The Hamblen County Commission meets tomorrow at 4:00 pm. The 7/1/05-6/30/06 budgets for Hamblen County General Government (General Fund), School Fund, Highway Fund, Garbage Fund, Debt Fund, and a few minor funds are on the agenda.
Most of the budgets have no serious problem. The only budget that is in the red, with a deficit of $760,000 is the county's general fund.
The current proposal is to give $3.1 million new dollars to the school system and to leave the county with a $760,000 deficit.
(The general fund deficit may end up being even higher because it appears that the Planning Commission plans to wait until after the budget is passed and then present commission with a request for an unspecified amount of additional money for an additional employee and perhaps other costs. Overcrowding in the jail is still "out there." What else could there be? I certainly hope that there isn't another hospital bail out or transportation emergency or super-fund site clean-up that we haven't been told about and that will be presented as an "emergency" with immediate action required.)
It appears that Commissioner Harville's plan to give the schools $300,000 of county trustee fees has hit a snag. Harville, whose son Stan is principal at Witt Elementary, decided on July 19th that $2.8 million new dollars was not enough of an increase for the schools, so he proposed giving the schools $300,000 more out of the county trustee's fees. On July 22nd, County Mayor David Purkey revised the county budget and showed the $300,000 as a "transfer payment" from the general fund to the school fund.
I tried to call Mayor Purkey yesterday and today, but he was either busy or gone. I wanted to share with him a letter that he provided to commission during the 2002 budget process--a letter from County Technical Assistance Services that seems to express the opinion that you can't do what the Mayor has shown-- transfer money from fund to fund.
I sent this letter to the county attorney for his review, and to Finance Director Epps today. With the letter, I noted that if the county wants to give another $300,000 to the schools while putting the general fund $300,000 deeper in debt, there are other ways to do this. For example, we can lower the general fund tax levy and increase the school tax levy or we can lower the general fund wheel tax revenue and add to the schools wheel tax revenue. Of course, we can just raise the school tax rate as well.
There will be a large number of school employees at the meeting tomorrow. They have been told to come and to protest the fact that county commission is only giving the school system $3.1 million new dollars instead of the full $4.1 million new dollars as requested. Some of these employees (cafeteria workers, bus drivers, custodians) have been told by the Board and by Director Lynch that they will not get a raise unless county commission provides more money.
Apparently, the school board is not spreading the millions of new dollars around to all employees and is blaming the county commission for the choices that the board has made in terms of who gets what and how much. As I've mentioned in previous blogs, the school board alone determines how the millions of new dollars will be spent. It can spread the millions out to all employees, or it can leave some employees out-- as it apparently has chosen to do.
Tomorrow, public address announcements will be made at the schools to rally the troops, memos will probably go out to school employees, and there will be a packed courthouse. During the hoop-la as the employed fight over more money and better benefits, will anyone think of the person who has no job or who works for minimum wage?

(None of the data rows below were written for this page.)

Lemma sharp_contraction (k : realFieldType) (H : PreOG) (p : car H -> car H) :
  contraction H p -> contraction (sharp_group k H) (push (ogmem H) p).
Proof.
case=> HT one_mem p_mem p_mono p_one p_contr.
have gt1_mem : forall x, gt1 H x -> ogmem H x by move=> x [].
have p_gt1 : forall x, ogmem H x -> gt1 H x -> gt1 H (p x).
  move=> x Mx [_ Lx]; split; first exact: p_mem.
  by rewrite -p_one; apply: p_mono.
split => /=.
- split=> [a _|a b c _ _ _|a b Ma Mb].
  + exact: series_lt_irr.
  + exact: series_lt_trans.
  + exact: (series_lt_total HT gt1_mem Ma Mb).
- exact: zero_is_series.
- by move=> a; apply: push_is_series.
- by move=> a b _ _; apply: push_mono.
- exact: push_zero.
- move=> a [suppa _] pos; apply: (push_contracting HT p_mem p_mono _ pos).
  by move=> x Mx /suppa [_]; apply: p_contr.
Qed.

(* A contracting morphism of (k((G)), l) satisfies the invariant; the only
   non-immediate field, psi(1) = 1, holds for any group homomorphism. *)
Lemma morphism_contraction (k : realFieldType) (G : PreOG)
  (l : car G -> car G -> k) (psi : car G -> car G) :
  is_oag G -> is_morphism G l psi -> contracting G psi -> contraction G psi.
Proof.
move=> [one_mem [_ [assoc [comm [one_mul [inv [irr [tr [tri _]]]]]]]]].
move=> [[psi_mem [psi_mul psi_mono]] _] contr.
split => //.
have M1 := psi_mem _ one_mem.
have idem : gmul G (psi (gone G)) (psi (gone G)) = psi (gone G).
  by rewrite -psi_mul // one_mul.
have [y [My Ey]] := inv _ M1.
by rewrite -[in RHS]Ey -[in RHS]idem -assoc // Ey // comm // one_mul.
Qed.

Theorem proposition7 (k : realFieldType) (G : PreOG) (l : car G -> car G -> k)
  (psi : car G -> car G) :
  is_oag G -> is_prelog G l -> is_morphism G l psi -> contracting G psi ->
  forall (n : nat) (g : car (lvG k (tower G l n))),
    ogmem (lvG k (tower G l n)) g ->
    glt (lvG k (tower G l n)) (gone (lvG k (tower G l n))) g ->
    glt (lvG k (tower G l n)) (psi_n G l psi n g) g.
Proof.
move=> HG _ Hpsi Hcontr n.
have level_contraction : contraction (lvG k (tower G l n)) (psi_n G l psi n).
  elim: n => [|n IH]; first exact: morphism_contraction HG Hpsi Hcontr.
  exact: sharp_contraction IH.
exact: ct_contract level_contraction.
Qed.
Lemma reach_sgn b S T : reach S T -> reach (sgn b S) (sgn b T).
Proof.
elim => [S0 T0 e|S0 T0 T1 c r IH hc hT1 e].
  by apply: reach_refl; apply: sgn_eqH0.
apply: reach_step IH (isRoot_sgn b hc) (isRoot_sgn b hT1) _.
by case: b => h hh /=; rewrite /oppf e // ?opprD.
Qed.

(** A step [T |-> (T + c) phi^-1] is undone by the step with [-c phi^-1],
    at the price of two more powers of [phi^-1]. *)
Lemma reach_rev S T : isRoot S -> reach S T ->
  forall u, exists v, reach (phin T u) (phin S v).
Proof.
move=> hS r; elim: r hS => [S0 T0 e|S0 T0 T1 c r IH hc hT1 e] hS u.
  by exists u; apply: reach_refl; apply: phin_eqH0; apply: eqH0_sym.
have [v hv] := IH hS u.+2; exists v; apply: reach_trans hv.
apply: (reach_step (T := phin T1 u) (c := oppf (phin c u.+1))).
- exact/reach_refl/eqH0_refl.
- by apply: isRoot_opp; apply: isRoot_phin.
- exact: isRoot_phin (reach_isRoot hS r).
- move=> h hh; rewrite /oppf !phin_psi.
  have -> : phin T1 u.+1 h = phin T0 u.+2 h + phin c u.+2 h.
    by rewrite {1}/phin e //; apply: H0_iter.
  by rewrite addrK.
Qed.

Definition conn (al be : L -> K) : Prop :=
  exists S T n m (b : bool),
    [/\ isRoot S, eqH0 S (phin al n), reach S T & eqH0 T (sgn b (phin be m))].

Lemma conn_refl a : isRoot a -> conn a a.
Proof. by move=> ha; exists a, a, 0%N, 0%N, false; split => //; apply: reach_refl. Qed.

Lemma conn_sym a b : conn a b -> conn b a.
Proof.
case=> S [T [n [m [sg [hS eS r eT]]]]].
have [v hv] := reach_rev hS r 0.
exists (sgn sg T), (sgn sg (phin S v)), m, (v + n)%N, sg; split.
- exact/isRoot_sgn/(reach_isRoot hS r).
- apply: eqH0_trans (sgn_eqH0 sg eT) _.
  by apply: eqH0_trans (sgnK _ _ _) _; rewrite addbb.
- exact: reach_sgn.
- apply: sgn_eqH0; apply: eqH0_trans (phin_eqH0 v eS) _.
  by move=> h hh; rewrite /phin -iterD addnC.
Qed.

Lemma conn_trans a b c : conn a b -> conn b c -> conn a c.
Proof.
case=> S1 [T1 [n1 [m1 [s1 [hS1 eS1 r1 eT1]]]]].
case=> S2 [T2 [n2 [m2 [s2 [hS2 eS2 r2 eT2]]]]].
exists (phin S1 n2), (sgn s1 (phin T2 m1)), (n1 + n2)%N, (m2 + m1)%N, (s1 (+) s2).
split.
- exact: isRoot_phin.
- by apply: eqH0_trans (phin_eqH0 n2 eS1) _; apply: phinD.
- apply: reach_trans (reach_phin n2 r1) _.
  apply: reach_eqH0l (reach_sgn s1 (reach_phin m1 r2)).
  apply: eqH0_trans (phin_eqH0 n2 eT1) _.
  apply: eqH0_trans (phin_sgn _ _ _) _; apply: sgn_eqH0.
  apply: eqH0_trans (phinD _ _ _) _; apply: eqH0_sym.
  apply: eqH0_trans (phin_eqH0 m1 eS2) _.
  by apply: eqH0_trans (phinD _ _ _) _; rewrite addnC.
- apply: eqH0_trans (sgn_eqH0 s1 (phin_eqH0 m1 eT2)) _.
  apply: eqH0_trans (sgn_eqH0 s1 (phin_sgn _ _ _)) _.
  apply: eqH0_trans (sgnK _ _ _) _; apply: sgn_eqH0; exact: phinD.
Qed.

Lemma conn_eqH0l a a' b : eqH0 a a' -> conn a b -> conn a' b.
Proof.
move=> e [S [T [n [m [sg [hS eS r eT]]]]]].
by exists S, T, n, m, sg; split => //; exact: eqH0_trans eS (phin_eqH0 n e).
Qed.

Lemma conn_eqH0r a b b' : eqH0 b b' -> conn a b -> conn a b'.
Proof.
move=> e [S [T [n [m [sg [hS eS r eT]]]]]].
by exists S, T, n, m, sg; split => //; exact: eqH0_trans eT (sgn_eqH0 sg (phin_eqH0 m e)).
Qed.

Lemma conn_psi a : isRoot a -> conn (phin a 1) a.
Proof.
move=> ha; exists (phin a 1), (phin a 1), 0%N, 1%N, false.
by split => //; [exact: isRoot_psi | exact: reach_refl].
Qed.

Lemma conn_phi a : isRoot a -> conn (fun h => a (phi h)) a.
Proof.
move=> ha; exists a, a, 1%N, 0%N, false; split => //; last exact: reach_refl.
by move=> h hh; rewrite /phin /= psiK.
Qed.

Lemma conn_opp a : isRoot a -> conn a (oppf a).
Proof.
move=> ha; exists a, a, 0%N, 0%N, true; split => //; first exact: reach_refl.
by move=> h hh; rewrite /= /oppf /phin /= opprK.
Qed.

Lemma conn_sum a b : isRoot a -> isRoot b ->
  isRoot (fun h => a (psi h) + b (psi h)) -> conn a (fun h => a (psi h) + b (psi h)).
Proof.
move=> ha hb hc; exists a, (fun h => a (psi h) + b (psi h)), 0%N, 0%N, false.
by split => //; apply: reach_step (reach_refl (eqH0_refl a)) hb hc _.
Qed.

Local Notation Ssum := (Ssum psi).
Local Notation connected := (connected Lg H br phi psi).

Lemma Ssum0 (a : nat -> L -> K) h : Ssum a 0 h = a 1%N h.
Proof. by rewrite /Ssum big_geq // addr0. Qed.

Lemma SsumS (a : nat -> L -> K) i h :
  Ssum a i.+1 h = Ssum a i (psi h) + a i.+2 (psi h).
Proof.
rewrite /Ssum big_nat_recr //= subSnn phin_psi -!addrA; congr (_ + _).
congr (_ + _); apply: eq_big_nat => j /andP [_ hj].
by rewrite phin_psi subSn // ltnW.
Qed.

Lemma connected_conn al be : isRoot be -> connected al be -> conn al be.
Proof.
move=> hb [k [a [hk [ha [[n hn] [hi [m hm]]]]]]].
have reach_Ssum i : (i <= k - 1)%N -> reach (a 1%N) (Ssum a i).
  elim: i => [|i IH] hi'; first by apply: reach_refl => h _; rewrite Ssum0.
  apply: (reach_step (IH (ltnW hi')) (ha i.+2 _)).
  - by apply/andP; split => //; lia.
  - case: (leqP i.+1 (k - 2)) => hh; first by apply: hi; apply/andP.
    have -> : i.+1 = (k - 1)%N by lia.
    by case: hm => e; apply: isRoot_eqH0 (eqH0_sym e) (isRoot_phin m _);
      [exact: hb | exact: isRoot_opp].
  - by move=> h _; rewrite SsumS.
have ha1 : isRoot (a 1%N) by apply: ha; apply/andP.
by case: hm => e; [exists (a 1%N), (Ssum a (k - 1)), n, m, false |
  exists (a 1%N), (Ssum a (k - 1)), n, m, true]; split => //; apply: reach_Ssum.
Qed.

Lemma reach_Ssum_chain S T : isRoot S -> reach S T ->
  exists k (a : nat -> L -> K), [/\ (1 <= k)%N, forall j, (1 <= j <= k)%N -> isRoot (a j),
    a 1%N = S, forall i, (1 <= i <= k - 2)%N -> isRoot (Ssum a i) &
    eqH0 (Ssum a (k - 1)) T].
Proof.
move=> hS r; elim: r hS => [S0 T0 e|S0 T0 T1 c r IH hc hT1 e] hS.
  exists 1%N, (fun _ => S0); split => //; first by move=> i /andP [h1 h2]; lia.
  by move=> h hh; rewrite Ssum0 e.
have [k [a [hk ha a1 hi hT]]] := IH hS.
pose a' j := if j == k.+1 then c else a j.
have same i : (i <= k - 1)%N -> forall h, Ssum a' i h = Ssum a i h.
  elim: i => [|i IHi] hi' h; first by rewrite !Ssum0 /a' ifN //; lia.
  by rewrite !SsumS IHi; [rewrite /a' ifN //; lia | lia].
exists k.+1, a'; split => //.
- move=> j /andP [h1 h2]; rewrite /a'; case: eqP => // hne.
  by apply: ha; apply/andP; split => //; lia.
- by rewrite /a' ifN //; lia.
- move=> i /andP [h1 h2]; case: (leqP i (k - 2)) => hh.
    by apply: isRoot_eqH0 (hi i _) => [h _|]; [rewrite same //; lia | apply/andP].
  have -> : i = (k - 1)%N by lia.
  apply: isRoot_eqH0 (reach_isRoot hS r); apply: eqH0_sym; apply: eqH0_trans hT.
  by move=> h _; rewrite same.
- have -> : (k.+1 - 1)%N = (k - 1).+1 by lia.
  move=> h hh; rewrite SsumS same // hT; last exact: H0_psi.
  have -> : (k - 1).+2 = k.+1 by lia.
  by rewrite /a' eqxx e.
Qed.
(* For all nonnegative integers $a,b,c$ (with $E$ taken to be $0$ whenever an argument is negative): $$2(a-b)E(a,b,c)+(a-b+c+1)E(a+1,b,c)+(a-b-c-1)E(a,b+1,c)=0,$$ $$2a\,E(a-1,b,c)+(a-b+c)E(a,b,c)+(c-a-b-1)E(a,b+1,c)=0,$$ $$(a-b)(a+b-c)E(a,b,c)+a(a-b-c-1)E(a-1,b,c)+b(a-b+c+1)E(a,b-1,c)=0,$$ $$(a-b+c+1)(a+b-c+1)E(a+1,b,c)+\big(3a^2+a-(2a+1)(b+c)-(b-c)^2\big)E(a,b,c)+2a(a-b-c-1)E(a-1,b,c)=0.$$
   Context: For nonnegative integers $n_1,\dots,n_S$, $E(n_1,\dots,n_S)$ denotes the number of block derangements: $S$ players hold $n_1,\dots,n_S$ distinct cards respectively; all $N=n_1+\dots+n_S$ cards are redealt so that player $j$ again receives exactly $n_j$ cards (only which cards each player gets matters); $E$ counts the deals in which no player receives any card he originally held. Equivalently, $E(n_1,\dots,n_S)$ is the coefficient of $x_1^{n_1}\cdots x_S^{n_S}$ in $\prod_{j=1}^S(x_1+\dots+x_S-x_j)^{n_j}$. By convention $E(0,\dots,0)=1$. *)

From HB Require Import structures.
From mathcomp Require Import all_boot all_order all_algebra.
Set Implicit Arguments. Unset Strict Implicit. Unset Printing Implicit Defensive.
Import Order.TTheory GRing.Theory Num.Theory.

(* Players are 0..S-1 with S = size n; player j holds
   nth 0 n j cards.  The N = sumn n cards are numbered 0..N-1, the first
   n_0 held by player 0, the next n_1 by player 1, etc. *)
Definition owner (n : seq nat) (k : nat) : nat :=
  nth 0 (flatten [seq nseq (nth 0 n j) j | j <- iota 0 (size n)]) k.

Definition block_derangement (n : seq nat)
    (f : {ffun 'I_(sumn n) -> 'I_(size n)}) : bool :=
  [forall j : 'I_(size n), #|[set k | f k == j]| == nth 0 n j] &&
  [forall k : 'I_(sumn n), (val (f k) != owner n k)].

Definition E (n : seq nat) : nat := #|[set f : {ffun 'I_(sumn n) -> 'I_(size n)} | block_derangement f]|.

Definition Ez (a b c : int) : int :=
  match a, b, c with
  | Posz a', Posz b', Posz c' => (E [:: a'; b'; c'])%:Z
  | _, _, _ => 0
  end.

(* Give each card k of player o and each player j <> o the
      weight X (j = 0), Y (j = 1) or 1 (j = 2).  Expanding the product over
      all cards of the sum of these weights enumerates all deals, and the
      coefficient of X^a Y^b picks exactly the block derangements; the
      product itself is (1 + Y)^a (1 + X)^b (X + Y)^c.  Reading off the
      coefficient gives the binomial sum
        E(a,b,c) = \sum_i C(c,i) C(b,a-i) C(a,b-c+i)                (Esum).
   2. WZ certificates.  Over a field of characteristic 0 each summand is a
      product of reciprocal factorials 1/m! (taken to be 0 for m < 0).
      Recurrences (1) and (2) (shifted in a) hold termwise up to an explicit
      telescoping difference G(i+1) - G(i) vanishing at both ends of the
      summation range, hence hold for Esum.
   3. Algebra.  Recurrence (2) at a = 0 and (3) at a = 0 or b = 0 follow
      from the closed forms E(0,b,c) = [b = c] and E(a,0,c) = [a = c];
      otherwise (3) and (4) are linear combinations of (1) and (2). *)

From HB Require Import structures.
From mathcomp Require Import all_boot all_order all_algebra.
From mathcomp Require Import ring zify.
Import Order.TTheory GRing.Theory Num.Theory.
Local Open Scope ring_scope.

Definition binz (n : nat) (m : int) : nat := if m is Posz k then 'C(n, k) else 0.

Definition Esum (a b c : nat) : nat :=
  \sum_(i < c.+1) 'C(c, i) * binz b (a%:Z - i%:Z) * binz a (b%:Z - c%:Z + i%:Z).

Lemma binz_neg (n : nat) (m : int) : m < 0 -> binz n m = 0%N.
Proof. by case: m. Qed.

Lemma binz0n (m : int) : binz 0 m = (m == 0).
Proof. by case: m => [[|m]|m]. Qed.

(* binz evaluated at a difference of naturals, as the truncated-subtraction
   expression produced by coefficient extraction. *)
Lemma binz_subn (n m k : nat) :
  binz n (m%:Z - k%:Z) = if (m < k)%N then 0%N else 'C(n, m - k).
Proof.
case: ltnP => [mk|km]; first by rewrite binz_neg //; lia.
by rewrite subzn.
Qed.

Lemma binz_subn_add (n m k l : nat) : (l <= k)%N ->
  binz n (m%:Z - k%:Z + l%:Z) = if (m < k - l)%N then 0%N else 'C(n, m - (k - l)).
Proof. by move=> lk; rewrite -binz_subn; congr binz; lia. Qed.

(* Boundary values: with no cards for player 0 (resp. 1) the deal is forced. *)
Lemma Esum0l (b c : nat) : Esum 0 b c = (b == c).
Proof.
rewrite /Esum big_ord_recl big1 => [|i _]; last by rewrite binz_neg ?muln0 ?mul0n //=; lia.
by rewrite addn0 /= bin0 mul1n addn0 bin0 mul1n addr0 binz0n subr_eq0.
Qed.

Lemma Esum0r (a c : nat) : Esum a 0 c = (a == c).
Proof.
rewrite /Esum big_ord_recr big1 => [|i _] /=; last first.
  by rewrite (@binz_neg a) ?muln0 //; have := ltn_ord i; lia.
rewrite binn (_ : 0%:Z - c%:Z + c%:Z = 0) ?subr_eq0 ?binz0n; last by lia.
by rewrite add0n mul1n /= bin0 muln1 subr_eq0.
Qed.

Lemma owner3 (a b c k : nat) : owner [:: a; b; c] k =
  if (k < a)%N then 0%N else if (k < a + b)%N then 1%N
  else if (k < a + b + c)%N then 2%N else 0%N.
Proof.
rewrite /owner /= cats0 !nth_cat !size_nseq.
case: (ltnP k a) => ka; first by rewrite nth_nseq ka.
case: (ltnP (k - a) b) => kab.
  by rewrite nth_nseq kab (_ : (k < a + b)%N = true) //; lia.
rewrite (_ : (k < a + b)%N = false) ?nth_nseq; last by lia.
case: (ltnP (k - a - b) c) => kabc.
  by rewrite (_ : (k < a + b + c)%N = true) //; lia.
by rewrite (_ : (k < a + b + c)%N = false) //; lia.
Qed.

Lemma coef_binomial_power (R : comNzRingType) (n k : nat) :
  ((1 + 'X : {poly R}) ^+ n)`_k = 'C(n, k)%:R.
Proof.
rewrite exprDn coef_sum.
under eq_bigr do rewrite expr1n mul1r coefMn coefXn.
case: (leqP k n) => kn.
  rewrite (bigD1 (Ordinal (kn : (k < n.+1)%N))) //= eqxx big1 ?addr0 // => i ik.
  rewrite (_ : (k == i) = false) ?mul0rn //.
  by apply: contraNF ik => /eqP ki; apply/eqP/val_inj.
rewrite bin_small // big1 // => i _.
rewrite (_ : (k == i) = false) ?mul0rn //.
by apply/negbTE; rewrite neq_ltn (leq_trans (ltn_ord i)) ?orbT.
Qed.

(* Bivariate polynomials over R are {poly {poly R}}: the outer variable 'X
   counts cards received by player 0, the inner one 'X%:P (written Y) those
   received by player 1. *)
Section GeneratingPolynomial.
Variable R : comNzRingType.
Implicit Types a b c : nat.

Definition player_mono (j : nat) : {poly {poly R}} :=
  'X ^+ (j == 0)%N * ('X%:P) ^+ (j == 1)%N.

Definition card_weight a b c (k j : nat) : {poly {poly R}} :=
  if j == owner [:: a; b; c] k then 0 else player_mono j.

Lemma coef_monoXY (p q a b : nat) :
  ((('X ^+ p : {poly {poly R}}) * ('X%:P) ^+ q)`_a)`_b = ((p == a) && (q == b))%:R.
Proof.
rewrite -rmorphXn mulrC coefCM coefXn eq_sym.
case: (p =P a) => [_|_] /=; last by rewrite mulr0 coef0.
by rewrite mulr1 coefXn eq_sym.
Qed.

(* The weight of a deal f has coefficient 1 at X^a Y^b exactly when f is a
   block derangement: it vanishes if a card returns to its owner, and
   otherwise is X^(#cards to 0) Y^(#cards to 1); the quota of player 2 is
   then forced by the total number of cards. *)
Lemma coef_deal_weight a b c
    (f : {ffun 'I_(sumn [:: a; b; c]) -> 'I_(size [:: a; b; c])}) :
  ((\prod_(k : 'I_(sumn [:: a; b; c])) card_weight a b c k (f k))`_a)`_b
  = (block_derangement f : nat)%:R.
Proof.
pose received j := (\sum_k (val (f k) == j : nat))%N.
have card_received j : #|[set k | f k == j]| = received (val j).
  rewrite -sum1dep_card big_mkcond /=; apply: eq_bigr => k _.
  by rewrite val_eqE; case: (f k == j).
have received_total : (received 0 + received 1 + received 2 = a + (b + (c + 0)))%N.
  rewrite /received -!big_split /= (eq_bigr (fun _ => 1%N)) => [|k _].
    by rewrite sum_nat_const card_ord muln1.
  by case: (f k) => [[|[|[|j]]] hj].
have quotas : [forall j, #|[set k | f k == j]| == nth 0%N [:: a; b; c] j]
    = (received 0 == a) && (received 1 == b).
  apply/forallP/andP => [H | [/eqP r0 /eqP r1] j].
    by split; [have := H ord0 | have := H (Ordinal (isT : (1 < 3)%N))]; rewrite card_received.
  rewrite card_received; case: j => [[|[|[|j]]] hj] //=; try by apply/eqP.
  by apply/eqP; move: received_total; rewrite r0 r1; lia.
rewrite /block_derangement quotas.
case: (boolP [forall k, val (f k) != owner [:: a; b; c] k]) => [deranged|].
  rewrite andbT (eq_bigr (fun k => player_mono (f k))) => [|k _]; last first.
    by rewrite /card_weight (negbTE (forallP deranged k)).
  by rewrite big_split /= !prodrXr coef_monoXY.
move/forallPn => [k /negPn fixed].
by rewrite andbF (bigD1 k) //= /card_weight fixed mul0r !coef0.
Qed.

Definition deal_polynomial a b c : {poly {poly R}} :=
  ((1 + 'X) ^+ a)%:P * ((1 + 'X) ^+ b * ('X%:P + 'X) ^+ c).

(* Each card of player 0 contributes Y + 1, of player 1 X + 1, of player 2
   X + Y. *)
Lemma prod_card_weights a b c :
  \prod_(k : 'I_(sumn [:: a; b; c])) \sum_(j : 'I_(size [:: a; b; c])) card_weight a b c k j
  = deal_polynomial a b c.
Proof.
pose w k := card_weight a b c k 0 + card_weight a b c k 1 + card_weight a b c k 2.
rewrite (eq_bigr (fun k : 'I_(sumn [:: a; b; c]) => w k)) => [|k _]; last first.
  by rewrite !big_ord_recr big_ord0 /= add0r.
have w_player0 k : (0 <= k < a)%N -> w k = 1 + 'X%:P.
  by case/andP=> _ ka; rewrite /w /card_weight !owner3 ka /player_mono /=; ring.
have w_player1 k : (a <= k < a + b)%N -> w k = 1 + 'X.
  case/andP=> ak kab; rewrite /w /card_weight !owner3 kab (_ : (k < a)%N = false); last by lia.
  by rewrite /player_mono /=; ring.
have w_player2 k : (a + b <= k < a + (b + (c + 0)))%N -> w k = 'X%:P + 'X.
  case/andP=> abk kabc; rewrite /w /card_weight !owner3 (_ : (k < a)%N = false); last by lia.
  rewrite (_ : (k < a + b)%N = false); last by lia.
  rewrite (_ : (k < a + b + c)%N = true); last by lia.
  by rewrite /player_mono /=; ring.
rewrite -(big_mkord xpredT w) (@big_cat_nat _ _ _ a) //=; last by lia.
rewrite (@big_cat_nat _ _ _ (a + b) a) //=; [|lia|lia].
rewrite (eq_big_nat _ _ w_player0) (eq_big_nat _ _ w_player1) (eq_big_nat _ _ w_player2).
rewrite !prodr_const_nat subn0 (_ : (a + b - a = b)%N); last by lia.
rewrite (_ : (a + (b + (c + 0)) - (a + b) = c)%N); last by lia.
by rewrite /deal_polynomial rmorphXn rmorphD /= polyC1.
Qed.

Lemma deal_count_coef a b c : ((deal_polynomial a b c)`_a)`_b = (E [:: a; b; c])%:R.
Proof.
rewrite -prod_card_weights bigA_distr_bigA !coef_sum.
rewrite /E -sum1dep_card natr_sum [RHS]big_mkcond /=.
by apply: eq_bigr => f _; rewrite coef_deal_weight; case: block_derangement.
Qed.

(* Expanding (X + Y)^c by the binomial theorem, the summand with X^i Y^(c-i)
   contributes C(c,i) C(b,a-i) C(a,b-c+i) to the coefficient of X^a Y^b. *)
Lemma coef_deal_polynomial a b c : ((deal_polynomial a b c)`_a)`_b = (Esum a b c)%:R.
Proof.
rewrite /deal_polynomial coefCM (exprDn 'X%:P 'X c) mulr_sumr coef_sum.
under eq_bigr do rewrite mulrnAr coefMn -rmorphXn mulrCA coefCM coefMXn coef_binomial_power.
rewrite mulr_sumr coef_sum /Esum natr_sum; apply: eq_bigr => i _.
have ic : (i <= c)%N by rewrite -ltnS.
rewrite binz_subn binz_subn_add // (_ : (if _ then _ else _)
  = (if (a < i)%N then 0%N else 'C(b, a - i))%:R); last by case: ifP.
rewrite mulr_natr !mulrnAr !coefMn coefMXn coef_binomial_power.
by case: ifP => _; rewrite -!mulrnA ?mul0rn ?muln0 //; congr (_ *+ _); ring.
Qed.

End GeneratingPolynomial.

Lemma E3_Esum (a b c : nat) : E [:: a; b; c] = Esum a b c.
Proof.
have := coef_deal_polynomial int a b c.
by rewrite deal_count_coef !natz => -[].
Qed.

Section HypergeometricTerms.
Variable R : numFieldType.
Implicit Types a b c : nat.

(* 1/m!, extended by 0 to negative m, so that 1/m! = (m+1) * 1/(m+1)! for
   every integer m. *)
Definition invfact (m : int) : R := if m is Posz n then (n`!%:R)^-1 else 0.

(* A copy of invfact marking the factors already rewritten in terms of a
   chosen base point; it makes the normalization below terminate. *)
Definition invfact_base : int -> R := invfact.

Fixpoint ffactz (u : int) (k : nat) : R :=
  if k is k'.+1 then (u - k'%:Z)%:~R * ffactz u k' else 1.

Lemma invfact_neg (m : int) : m < 0 -> invfact m = 0.
Proof. by case: m. Qed.

Lemma invfactS (m : int) : invfact m = (m + 1)%:~R * invfact (m + 1).
Proof.
case: m => [n|[|n]]; last 2 first.
- by rewrite mul0r.
- by rewrite (_ : Negz n.+1 + 1 = Negz n) ?mulr0 //; lia.
rewrite -[Posz n + 1]PoszD /= addn1 factS natrM invfM mulrA.
by rewrite [n.+1%:~R]/(n.+1%:R) divff ?mul1r // pnatr_eq0.
Qed.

Will anyone think of the people they know on a fixed income of $600/month? Will anyone think of the people they know who have no insurance? Will anyone think of the person who has no, or a meager, retirement? Will anyone think of the neighbor down the street who already faces a property tax increase due to the 2005 property reappraisal?
Will anyone think of the entire community and consider that maybe we should be thankful for what we have? Will anyone think of the general fund and how a $760,000+ draw down/deficit will affect it this year and the next? The big picture includes all citizens. Maybe it's time for moderation and even-handedness, instead of the "I want it all" attitude that we see too often at this time of year.
Yes, I taught school for 11 years. Yes, I loved to see a raise. Who doesn't? Maudie Briggs has said that our factories are gone and they're not coming back. Our trustee has pointed out that our revenues have flat-lined for now. It's a time of economic adjustment, and a lot of people are being hit hard. In the big picture, would it be so awful if some people took a smaller raise this year to ensure that their fellow employees are also able to receive a share of the pie? Would it be so awful if we balanced the general fund, gave the schools $2.5 million, and avoided the disaster that is being set up for next year?
We are rushing headlong toward a disaster during the next budget cycle if we go ahead and in our frustration pass what just about everyone knows is a bad budget. It's amazing to watch those who have preached long-range planning and those who have touted financial expertise express a willingness to wash their hands of it all at this point and just pass something, anything--even if it is bad for Hamblen County and a potential disaster for taxpayers next year.
Where's the concern about long-range, strategic planning in this budget? Where's the willingness to work for the taxpayers instead of throwing one's hands up in frustration? Instead of just mindlessly voting for a bad budget, who is going to put forth an alternative?